◆ Items from a data source:
Lemma zeta_good_at_level k N : (N <= J (S k))%nat -> INR (D k) <= phi (INR N) ->
  good_at phi (zeta s) N.
Proof.
  intros HN Hphi. apply (good_at_of_dist_le _ _ _ (D k)); auto.
  - apply den_ge2.
  - apply dist_nearest_int_pos. intros p.
    apply irrational_mul_nat_not_int; [apply zeta_irrational | pose proof (den_ge2 k); lia].
  - apply zeta_dist_nearest_int_le, HN.
Qed.

Lemma den_le_phi k N : (J (S k) <= N)%nat -> INR (D (S k)) <= phi (INR N).
Proof.
  intros HN. rewrite den_S. pose proof (multiplier_bounds k) as [_ HM]. pose proof (den_ge2_R k).
  eapply Rle_trans; [apply Rmult_le_compat_l, HM; lra|].
  eapply Rle_trans; [apply (g_phi (D k) (J k)), den_ge2|].
  apply phi_mono; [|apply le_INR, HN].
  apply (le_INR 2). pose proof (level_ge (S k)). simpl level in *. lia.
Qed.

Lemma zeta_good_at N : (1 <= N)%nat -> INR D0 <= phi (INR N) \/ (J 1 <= N)%nat ->
  good_at phi (zeta s) N.
Proof.
  intros HN Hcase.
  destruct (increasing_nat_bracket (fun k => J k) level_lt N HN) as [k Hk].
  apply (zeta_good_at_level k N); [lia|].
  destruct k as [|k].
  - destruct Hcase as [Hphi|HJ]; [exact Hphi | lia].
  - apply den_le_phi. lia.
Qed.

Lemma zeta_L_phi : (forall N, (1 <= N)%nat -> INR D0 <= phi (INR N)) -> L_phi phi (zeta s).
Proof.
  intros HD0. split; [apply zeta_liouville|]. intros N HN. apply zeta_good_at; auto.
Qed.

Lemma zeta_L_phi_star : L_phi_star phi (zeta s).
Proof.
  split; [apply zeta_liouville|]. exists (J 1). intros N HN HJ. apply zeta_good_at; auto.
Qed.

End Digits.

(* Raising the multiplier M_k by one lowers 1/D_(k+1) by more than the whole remaining
   tail, which is at most 1/D_(k+1)^2. *)
Lemma zeta_lt_of_first_difference s t k :
  stage_seq s k = stage_seq t k -> s k = false -> t k = true -> zeta t < zeta s.
Proof.
  intros Hst Hs Ht.
  pose proof (zeta_between s (S k)) as [Hzs _]. pose proof (zeta_le_next t k) as Hzt.
  rewrite partial_sum_S in Hzs, Hzt.
  assert (Hsum : partial_sum s k = partial_sum t k)
    by (unfold partial_sum; rewrite Hst; reflexivity).
  set (c := stage_seq t k) in *.
  assert (Hds : den (stage_seq s (S k)) = (den c * multiplier c false)%nat)
    by (simpl; rewrite Hst, Hs; reflexivity).
  assert (Hdt : den (stage_seq t (S k)) = (den c * (multiplier c false + 1))%nat)
    by (simpl; fold c; rewrite Ht; unfold multiplier; simpl; lia).
  rewrite Hds in Hzs. rewrite Hdt in Hzt. rewrite Hsum in Hzs.
  pose proof (den_ge2_R t k) as Hd. pose proof (multiplier_ge s k) as Hm.
  rewrite Hst, Hs in Hm. fold c in Hd, Hm.
  rewrite mult_INR in Hzs. rewrite mult_INR, plus_INR in Hzt.
  pose proof (inv_add_inv_sq_lt (INR (den c)) (INR (multiplier c false)) ltac:(lra) ltac:(lra)).
  change (INR 1) with 1 in Hzt. lra.
Qed.

Lemma zeta_injective s t : zeta s = zeta t -> s = t.
Proof.
  intros Hz.
  assert (Hagree : forall k, stage_seq s k = stage_seq t k /\ s k = t k).
  { induction k as [|k [Hst Hbit]].
    - split; [reflexivity|].
      destruct (s 0%nat) eqn:Hs, (t 0%nat) eqn:Ht; auto; exfalso.
      + pose proof (zeta_lt_of_first_difference t s 0 eq_refl Ht Hs). lra.
      + pose proof (zeta_lt_of_first_difference s t 0 eq_refl Hs Ht). lra.
    - assert (Hst' : stage_seq s (S k) = stage_seq t (S k))
        by (simpl; rewrite Hst, Hbit; reflexivity).
      split; [exact Hst'|].
      destruct (s (S k)) eqn:Hs, (t (S k)) eqn:Ht; auto; exfalso.
      + pose proof (zeta_lt_of_first_difference t s (S k) (eq_sym Hst') Ht Hs). lra.
      + pose proof (zeta_lt_of_first_difference s t (S k) Hst' Hs Ht). lra. }
  apply functional_extensionality. intros k. apply Hagree.
Qed.

End Construction.

Lemma no_injection_bool_seq_nat (F : (nat -> bool) -> nat) :
  ~ (forall s t, F s = F t -> s = t).
Proof.
  intros Hinj.
  set (h := fun n => epsilon (inhabits (fun _ : nat => false)) (fun s => F s = n)).
  set (diag := fun n => negb (h n n)).
  assert (Hh : h (F diag) = diag).
  { apply Hinj. apply (epsilon_spec (inhabits (fun _ : nat => false)) (fun s => F s = F diag)).
    exists diag. reflexivity. }
  assert (Hdiag : diag (F diag) = negb (h (F diag) (F diag))) by reflexivity.
  rewrite Hh in Hdiag. destruct (diag (F diag)); discriminate.
Qed.

Lemma uncountable_of_bool_seq_injection (P : R -> Prop) (f : (nat -> bool) -> R) :
  (forall s, P (f s)) -> (forall s t, f s = f t -> s = t) -> uncountable P.
Proof.
  intros HP Hf [e He]. apply (no_injection_bool_seq_nat (fun s => e (f s))).
  intros s t E. apply Hf, He; auto.
Qed.

Lemma Rbar_lt_closed_subinterval (a b : Rbar) : Rbar_lt a b -> exists x y, x < y /\
  (forall w, x <= w -> Rbar_lt a w) /\ (forall w, w <= y -> Rbar_lt w b).
Proof.
  destruct a as [a| |], b as [b| |]; simpl; intros Hab; try contradiction.
  - exists ((2 * a + b) / 3), ((a + 2 * b) / 3). repeat split; intros; simpl; lra.
  - exists (a + 1), (a + 2). repeat split; intros; simpl; lra.
  - exists (b - 2), (b - 1). repeat split; intros; simpl; try lra; auto.
  - exists 0, 1. repeat split; intros; simpl; try lra; auto.
Qed.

◆ Task details: In the entries above, the lines from the one bearing "eq_refl Hs Ht). lra." up to and including the one bearing "Lemma Rbar_lt_closed_subinterval (a" should be transcribed exactly; no other line is wanted.

◆ Response to the task:
      + pose proof (zeta_lt_of_first_difference s t 0 eq_refl Hs Ht). lra.
    - assert (Hst' : stage_seq s (S k) = stage_seq t (S k))
        by (simpl; rewrite Hst, Hbit; reflexivity).
      split; [exact Hst'|].
      destruct (s (S k)) eqn:Hs, (t (S k)) eqn:Ht; auto; exfalso.
      + pose proof (zeta_lt_of_first_difference t s (S k) (eq_sym Hst') Ht Hs). lra.
      + pose proof (zeta_lt_of_first_difference s t (S k) Hst' Hs Ht). lra. }
  apply functional_extensionality. intros k. apply Hagree.
Qed.

End Construction.

Lemma no_injection_bool_seq_nat (F : (nat -> bool) -> nat) :
  ~ (forall s t, F s = F t -> s = t).
Proof.
  intros Hinj.
  set (h := fun n => epsilon (inhabits (fun _ : nat => false)) (fun s => F s = n)).
  set (diag := fun n => negb (h n n)).
  assert (Hh : h (F diag) = diag).
  { apply Hinj. apply (epsilon_spec (inhabits (fun _ : nat => false)) (fun s => F s = F diag)).
    exists diag. reflexivity. }
  assert (Hdiag : diag (F diag) = negb (h (F diag) (F diag))) by reflexivity.
  rewrite Hh in Hdiag. destruct (diag (F diag)); discriminate.
Qed.

Lemma uncountable_of_bool_seq_injection (P : R -> Prop) (f : (nat -> bool) -> R) :
  (forall s, P (f s)) -> (forall s t, f s = f t -> s = t) -> uncountable P.
Proof.
  intros HP Hf [e He]. apply (no_injection_bool_seq_nat (fun s => e (f s))).
  intros s t E. apply Hf, He; auto.
Qed.

Lemma Rbar_lt_closed_subinterval (a b : Rbar) : Rbar_lt a b -> exists x y, x < y /\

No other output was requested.